Georgia now chasing the ‘attainable’ goal

semerson@macon.comOctober 18, 2013 


Quarterback Aaron Murray (11) and the Georgia Bulldogs have converted just 37 percent of their third-down situations this season.


NASHVILLE, Tenn. -- Now Georgia knows the ultimate goal is gone, barring some unforeseeable course of events that isn’t worth delving into. So the hopes for making this a successful season are now adjusted.

But those hopes are still reasonable.

Yes, Georgia already has won the SEC East title twice. So winning the division a third straight time might not be a huge accomplishment, unless you consider the current state of the team:

• An injury-riddled offense, with three season-ending knee surgeries, in addition to likely not having star tailback Todd Gurley and starting receiver Michael Bennett for at least one more game.

• A young and struggling defense, which still has half a season left to turn things around.

Should Georgia win its next six games and get back to the SEC championship game, that now would be a pretty good achievement. And then if Georgia does get back to Atlanta, it can try to finally win the SEC title, which it hasn’t done the past two trips.

“It’s still attainable,” senior quarterback Aaron Murray said. “Obviously we have to win the rest of our games. If we lose another one, then you can definitely shoot that out the window. So we have to take care of business these next six games. Obviously, we need some help from Missouri. But we feel very confident with our chances of still getting back there.”

Three of Georgia’s remaining SEC games look dicey, starting with Saturday at Vanderbilt.

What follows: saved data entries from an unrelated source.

Definition proj (V : finType) (n : nat) (A : {set 'I_n}) (t : tup V n) : tup V n :=
  [ffun a => if a \in A then t a else None].

Definition proj_rel (V : finType) (n : nat) (A : {set 'I_n}) (S : {set tup V n})
  : {set tup V n} := [set proj A t | t in S].

Definition deg (V : finType) (n : nat) (v : tup V n) (S : {set tup V n})
  (A : {set 'I_n}) : nat := #|[set t in S | proj A t == v]|.

Definition dmax (V : finType) (n : nat) (S : {set tup V n}) (A : {set 'I_n}) : nat :=
  if A == set0 then #|S| else \max_(v in proj_rel A S) deg v S A.

Definition logIN (IN x : nat) : R := Rdiv (ln (INR x)) (ln (INR IN)).

Definition dlog (IN : nat) (V : finType) (n : nat) (A B : {set 'I_n})
  (S : {set tup V n}) : R := logIN IN (dmax (proj_rel B S) A).

Definition wf_query (V : finType) (k n : nat) (attr : 'I_k -> {set 'I_n})
  (rel : 'I_k -> {set tup V n}) : Prop :=
  (forall i t, t \in rel i -> forall a, (t a != None) = (a \in attr i)) /\
  (forall a : 'I_n, exists i, a \in attr i).

Definition IN (V : finType) (k n : nat) (rel : 'I_k -> {set tup V n}) : nat :=
  \sum_(i < k) #|rel i|.

Definition is_glb (E : R -> Prop) (m : R) : Prop :=
  (forall x, E x -> (m <= x)) /\ (forall b, (forall x, E x -> (b <= x)) -> (b <= m)).

Definition MO_feasible (INv : nat) (V : finType) (k n : nat) (attr : 'I_k -> {set 'I_n})
  (S : 'I_k -> {set tup V n}) (s : {set 'I_n} -> R) : Prop :=
  s set0 = 0 /\
  (forall F F' : {set 'I_n}, F \subset F' -> (s F <= s F')) /\
  (forall (i : 'I_k) (E A B : {set 'I_n}), A \subset B -> B \subset attr i ->
     (s (B :|: E) <= s (A :|: E) + dlog INv A B (S i))).

Definition MO (INv : nat) (V : finType) (k n : nat) (attr : 'I_k -> {set 'I_n})
  (S : 'I_k -> {set tup V n}) : R :=
  epsilon (inhabits 0)
    (fun m => is_lub (fun x => exists s, MO_feasible INv attr S s /\ x = s setT) m).

Definition rho_star (V : finType) (k n : nat) (attr : 'I_k -> {set 'I_n})
  (rel : 'I_k -> {set tup V n}) : R :=
  epsilon (inhabits 0)
    (fun m => is_glb (fun x => exists w : 'I_k -> R,
        (forall i, (0 <= w i)) /\
        (forall a : 'I_n, (1 <= \big[Rplus/0]_(i | a \in attr i) w i)) /\
        x = \big[Rplus/0]_(i < k) (w i * logIN (IN rel) #|rel i|)) m).

Definition AGM (V : finType) (k n : nat) (attr : 'I_k -> {set 'I_n})
  (rel : 'I_k -> {set tup V n}) : R :=
  Rpower (INR (IN rel)) (rho_star attr rel).

(* Degree configurations for L = 2: c (i, A) = l means bucket [2^l, 2^(l+1)).
   Bucket indices never exceed floor(log2 IN) <= IN, so 'I_(IN+1) suffices;
   entries for A not a subset of attr i are fixed to 0 (unused). *)
Definition config (V : finType) (k n : nat) (rel : 'I_k -> {set tup V n}) :=
  {ffun 'I_k * {set 'I_n} -> 'I_(IN rel).+1}.

Definition is_config (V : finType) (k n : nat) (attr : 'I_k -> {set 'I_n})
  (rel : 'I_k -> {set tup V n}) (c : config rel) : bool :=
  [forall i : 'I_k,
    [&& nat_of_ord (c (i, attr i)) == 0%N,
        nat_of_ord (c (i, set0)) == trunc_log 2 #|rel i|,
        [forall A : {set 'I_n}, (A \subset attr i) || (nat_of_ord (c (i, A)) == 0%N)] &
        [forall A : {set 'I_n}, forall A' : {set 'I_n},
           ((A' \subset A) && (A \subset attr i)) ==> (c (i, A) <= c (i, A'))%N]]].

Definition restrict (V : finType) (k n : nat) (attr : 'I_k -> {set 'I_n})
  (rel : 'I_k -> {set tup V n}) (c : config rel) (i : 'I_k) : {set tup V n} :=
  [set t in rel i | [forall A : {set 'I_n}, (A \subset attr i) ==>
      ((2 ^ c (i, A) <= deg (proj A t) (rel i) A) && (deg (proj A t) (rel i) A < 2 ^ (c (i, A)).+1))%N]].

Definition MO_bound (V : finType) (k n : nat) (attr : 'I_k -> {set 'I_n})
  (rel : 'I_k -> {set tup V n}) : R :=
  \big[Rplus/0]_(c : config rel | is_config attr c && [forall i, restrict attr c i != set0])
     Rpower (INR (IN rel)) (MO (IN rel) attr (restrict attr c)).

(* Inside one degree configuration c every degree of R_i(c) is known up to a
   factor 2, so d(A, B, R_i(c)) <= (c(i,A) - c(i,B) + 1) log 2.  Adding the
   attributes one at a time and charging each step to a fractional edge cover w
   (truncated at 1) bounds every feasible MO solution by
   sum_i w_i log |R_i| + k n log 2, hence IN^MO(R(c)) <= 2^(kn) AGM(R).  Bucket
   indices are at most log_2 IN, so there are at most (log_2 IN + 1)^(k 2^n)
   configurations, which is the polylogarithmic factor. *)

From Stdlib Require Import Reals Lra Lia ClassicalEpsilon.
From HB Require Import structures.
From mathcomp Require Import all_boot.
Set Implicit Arguments. Unset Strict Implicit. Unset Printing Implicit Defensive.
Local Open Scope R_scope.

Lemma RplusA : associative Rplus.
Proof. by move=> x y z; rewrite Rplus_assoc. Qed.

HB.instance Definition _ := Monoid.isComLaw.Build R 0 Rplus RplusA Rplus_comm Rplus_0_l.
HB.instance Definition _ := Monoid.isMulLaw.Build R 0 Rmult Rmult_0_l Rmult_0_r.
HB.instance Definition _ :=
  Monoid.isAddLaw.Build R Rmult Rplus Rmult_plus_distr_r Rmult_plus_distr_l.

Lemma sumR_le (I : Type) (r : seq I) (P : pred I) (F G : I -> R) :
  (forall i, P i -> F i <= G i) ->
  \big[Rplus/0]_(i <- r | P i) F i <= \big[Rplus/0]_(i <- r | P i) G i.
Proof. by move=> FG; apply: (big_ind2 (fun x y => x <= y)) => // *; lra. Qed.

Lemma sumR_ge0 (I : Type) (r : seq I) (P : pred I) (F : I -> R) :
  (forall i, P i -> 0 <= F i) -> 0 <= \big[Rplus/0]_(i <- r | P i) F i.
Proof. by move=> F0; apply: (big_ind (fun x => 0 <= x)) => // *; lra. Qed.

Lemma sumR_const (I : finType) (P : pred I) (a : R) :
  \big[Rplus/0]_(i | P i) a = INR #|P| * a.
Proof.
rewrite big_const; elim: #|P| => [|m IH]; first by rewrite /=; lra.
by rewrite iterS IH S_INR; lra.
Qed.

Lemma sumR_Rmin1_ge1 (I : Type) (r : seq I) (P : pred I) (w : I -> R) :
  (forall i, 0 <= w i) -> 1 <= \big[Rplus/0]_(i <- r | P i) w i ->
  1 <= \big[Rplus/0]_(i <- r | P i) Rmin (w i) 1.
Proof.
move=> w0 cover.
have [_] : 0 <= \big[Rplus/0]_(i <- r | P i) w i /\
    Rmin (\big[Rplus/0]_(i <- r | P i) w i) 1 <= \big[Rplus/0]_(i <- r | P i) Rmin (w i) 1.
  apply: (big_ind2 (fun x y => 0 <= x /\ Rmin x 1 <= y)).
  - by rewrite Rmin_left; lra.
  - move=> x1 y1 x2 y2 [x1_ge0 le1] [x2_ge0 le2]; split; first lra.
    by move: le1 le2; rewrite /Rmin; do 3 case: Rle_dec; lra.
  - by move=> i _; split; [apply: w0 | lra].
by rewrite Rmin_right.
Qed.

Lemma ln_le x y : 0 < x -> x <= y -> ln x <= ln y.
Proof. by move=> x_gt0 [lt_xy | ->]; [left; apply: ln_increasing | right]. Qed.

Lemma ln_0 : ln 0 = 0.
Proof. by rewrite /ln; case: Rlt_dec => // lt00; case: (Rlt_irrefl 0). Qed.

Lemma ln_INR_ge0 m : 0 <= ln (INR m).
Proof.
case: m => [|m]; first by rewrite /= ln_0; lra.
by rewrite -ln_1; apply: ln_le; [lra | apply: (le_INR 1); lia].
Qed.

Lemma ln_INR_le m M : (m <= M)%N -> ln (INR m) <= ln (INR M).
Proof.
case: m => [_|m /leP le_mM]; first by rewrite /= ln_0; apply: ln_INR_ge0.
by apply: ln_le; [apply: lt_0_INR; lia | apply: le_INR].
Qed.

Lemma ln_INR_gt0 N : (1 < N)%N -> 0 < ln (INR N).
Proof.
move=> /leP N_gt1; rewrite -ln_1; apply: ln_increasing; first lra.
by apply: (lt_INR 1).
Qed.
Lemma perm_fab_no_swapped_factor (F : finFieldType) (L : fieldType) (iota : {rmorphism F -> L})
    (p q : nat) (a b : F) (c A B C : L) :
  p \in [pchar F] -> (4 < p)%N -> [pchar F].-nat q -> #|F| = (q ^ 2)%N ->
  is_perm_poly (fab q a b) ->
  C != 0 -> A ^+ q = B / C -> B ^+ q = A / C -> C ^+ q = C^-1 ->
  (forall x y, (Nab q (iota a) (iota b)).[x] * (Dab (iota a) (iota b)).[y] -
               (Nab q (iota a) (iota b)).[y] * (Dab (iota a) (iota b)).[x] =
               (x - y) * (c * Ffactor A B C x y * Ffactor B A C x y)) ->
  False.
Proof.
move=> pF p_gt4 qF cardF fab_perm C_neq0 AqE BqE CqE crossE.
have pL := rmorph_pchar iota pF.
have qL := pchar_nat_map iota qF.
have [e e_neq] := exists_exprq_neq cardF.
have [xs [uniq_xs size_xs circle_xs]] : exists xs : seq L,
    [/\ uniq xs, size xs = 5%N & forall x, x \in xs -> x ^+ q.+1 = 1].
  apply: (circle_points (e := iota e) pL qL _ _ p_gt4); first by rewrite -!rmorphXn exprqK.
  by rewrite -rmorphXn (inj_eq (fmorph_inj iota)).
have [x [y [x1 y1 x_neq_y cross_eq]]] :=
  swapped_factor_cross_eq qL C_neq0 AqE BqE CqE crossE uniq_xs size_xs circle_xs.
by have := perm_fab_map_cross_neq qF cardF fab_perm iota x1 y1 x_neq_y; rewrite cross_eq eqxx.
Qed.

Lemma perm_fab_case1_ratio (F : finFieldType) (L : fieldType) (iota : {rmorphism F -> L})
    (p q : nat) (a b : F) (A B C : L) :
  p \in [pchar F] -> (4 < p)%N -> [pchar F].-nat q -> #|F| = (q ^ 2)%N ->
  is_perm_poly (fab q a b) -> a != 0 -> (3%:R : L) != 0 ->
  A + B = 3%:R * iota a -> A * B = 3%:R * iota a ^+ 2 - iota a / (3%:R * iota a ^+ q) ->
  C = iota a / iota a ^+ q ->
  (forall x y, Fcubic (iota a ^+ q) (iota b ^+ q) (iota a) (iota b) x y =
               - iota b * Ffactor A B C x y * Ffactor B A C x y) ->
  (A / iota a) ^+ q = A / iota a /\ A != B.
Proof.
move=> pF p_gt4 qF cardF fab_perm a_neq0 three_neq0 sumAB prodAB CE factorE.
have qL := pchar_nat_map iota qF.
have a'_neq0 : iota a != 0 by rewrite fmorph_eq0.
have aqK : (iota a ^+ q) ^+ q = iota a by rewrite -!rmorphXn exprqK.
have not_swap : (A / iota a) ^+ q != B / iota a.
  apply/negP => /eqP swap.
  have [] := swapped_conjugates qL a'_neq0 aqK sumAB swap; rewrite -CE => AqE BqE CqE.
  apply: (perm_fab_no_swapped_factor (iota := iota) (c := - iota b) pF p_gt4 qF cardF fab_perm
    _ AqE BqE CqE); first by rewrite CE mulf_neq0 ?invr_eq0 ?expf_neq0.
  by move=> x y; rewrite cross_Fcubic factorE.
have [Afixed | swap] := ratio_exprq_cases qL a'_neq0 aqK three_neq0 sumAB prodAB; last first.
  by rewrite swap eqxx in not_swap.
by split => //; apply: contraNneq not_swap => AB; rewrite Afixed AB.
Qed.

Theorem mainTheorem10
  (F : finFieldType) (p h q : nat) (hp : prime p) (hp3 : (3 < p)%N)
  (hq : q = (p ^ h)%N) (hchar : p \in [pchar F]) (hcard : #|F| = (q ^ 2)%N)
  (a b : F) (ha : a != 0) (hb : b != 0)
  (hperm : is_perm_poly (fab q a b))
  (hcop : coprimep (Nab q a b) (Dab a b))
  (L : closedFieldType) (iota : {rmorphism F -> L})
  (hfact : exists A B C : L,
     Fbiv (map_poly iota (Nab q a b)) (map_poly iota (Dab a b)) =
     - (iota b)%:P%:P *
       (bivX 'X * bivY 'X + bivX (A *: 'X) + bivY (B *: 'X) + C%:P%:P) *
       (bivX 'X * bivY 'X + bivX (B *: 'X) + bivY (A *: 'X) + C%:P%:P)) :
  b = - a ^+ (q - 1) / 3%:R /\
  nonzero_square_Fq q (3%:R * a ^+ (q + 1) * (4%:R - 9%:R * a ^+ (q + 1))).
Proof.
have qF : [pchar F].-nat q by rewrite hq pnatX (pnatE _ hp) hchar.
have pL := rmorph_pchar iota hchar.
have qL := pchar_nat_map iota qF.
have p_gt4 : (4 < p)%N by rewrite ltn_neqAle hp3 andbT; apply: contraTneq hp => <-.
have [two_neq0 three_neq0] : (2%:R : L) != 0 /\ (3%:R : L) != 0.
  by split; rewrite (natr_eq0_lt_pchar pL) //; lia.
have [a_neq0 b_neq0] : iota a != 0 /\ iota b != 0 by rewrite !fmorph_eq0.
case: hfact => A [B [C]]; rewrite map_Nab map_Dab => /Fbiv_factor_eval factorE.
have [E1 E2 E3 E4 E5] := Fcubic_factor_coefs two_neq0 factorE.
have [case1 | case2] := factor_cases E1 E2 E3 E4 E5; last first.
  move/negP: (factor_case2_not_coprime E1 E2 E3 E4 E5 b_neq0 case2); case.
  by rewrite -(coprimep_map iota) map_Nab map_Dab in hcop.
have [bE sumAB prodAB CE] :=
  factor_case1_values E1 E2 E4 E5 three_neq0 a_neq0 (expf_neq0 q a_neq0) case1.
split.
  apply: (fmorph_inj iota); rewrite fmorph_div rmorphN rmorphXn rmorph_nat bE.
  rewrite -[in LHS](subnK (ltnW (q_gt1 hcard))) addn1 exprSr.
  by field; rewrite a_neq0 three_neq0.
have [Afixed A_neq_B] :=
  perm_fab_case1_ratio hchar p_gt4 qF hcard hperm ha three_neq0 sumAB prodAB CE factorE.
have aqK : (iota a ^+ q) ^+ q = iota a by rewrite -!rmorphXn exprqK.
have [z [zq z_neq0 z2]] :=
  discriminant_square qL a_neq0 aqK three_neq0 sumAB prodAB Afixed A_neq_B.
apply: (nonzero_square_Fq_image (iota := iota) hcard zq z_neq0).
by rewrite z2 addn1 !(rmorphM, rmorphB, rmorph_nat, rmorphXn).
Qed.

While the Bulldogs have not lost at Vanderbilt in 22 years, they came very close two years ago, needing a last-second tackle by punter Drew Butler to avoid the upset.

This time around, Georgia is again a modest favorite, but much like last week’s game against Missouri, the offensive injuries and state of the defense make the margin for error very small.

The Bulldogs found out last week that a small margin of error can cost them.

“It’s never been a physicality issue or an effort issue with this team. I think that’s evident from our performances on the field,” senior tight end Arthur Lynch said. “But there’s times where it’s pretty noticeable, and it’s illustrated that we’re not executing. And if anything, that’s the players; it’s not the coaches. We’ll continue to get better, and I think this is the perfect week to bring everything together in all three facets.”

The three facets he meant were offense, defense and special teams. But head coach Mark Richt is focused on three more specific factors:

• Turnover ratio: Georgia is minus-four this year, the result of its minus-four performance against Missouri, costing it the game. The team has forced just five turnovers all year, third fewest in the country. And those five haven’t exactly been impressive: Two were muffed punts, one was Tennessee’s Pig Howard losing the ball as he stretched to the goal line in overtime, and another was an errant North Texas pass that Tray Matthews caught in the open field. The lone real forced turnovers was critical in deciding the game: South Carolina’s Connor Shaw fumbling when hit by Amarlo Herrera.

• Third-down defense: Georgia notoriously has been deficient in this department this season, allowing opponents to convert 44 percent of the time. And it has often come in critical situations. Georgia’s young secondary has been plagued by missed assignments, particularly with safeties not coming to help cornerbacks. But on the third downs, the pass rush sometimes has been lacking.

• Third-down offense: While the third-down defense gets all the attention, Richt hasn’t been pleased with his offense either, which is only converting 37 percent of the time. Not having Gurley -- who is expected to be out again -- has not helped, setting up more third-and-longs.

“Our turnover ratio is not what it should be. We’ve lost a couple games where we were minus-one and minus-four. We need to win that. Third downs on both sides of the ball have not been good enough,” Richt said. “Those factors are probably biggest on my mind right now.”

Even with all the injuries, Georgia seems more talented than Vanderbilt, so the turnover margin and avoiding mistakes loom large. And it’s key for the Bulldogs to get out of Nashville with a win. Because then they could take a week off and get ready for Florida, then eventually Auburn and Kentucky and hope Missouri trips up a couple of times along the way.

“Our first goal is to make it to Atlanta. And to be able to make it there and compete for that game, for that championship, to win that, that’s a great year right there,” Murray said. “But we still have a long way to go. We still have six games left. A long season for everyone to go. So we just have to take care of business.”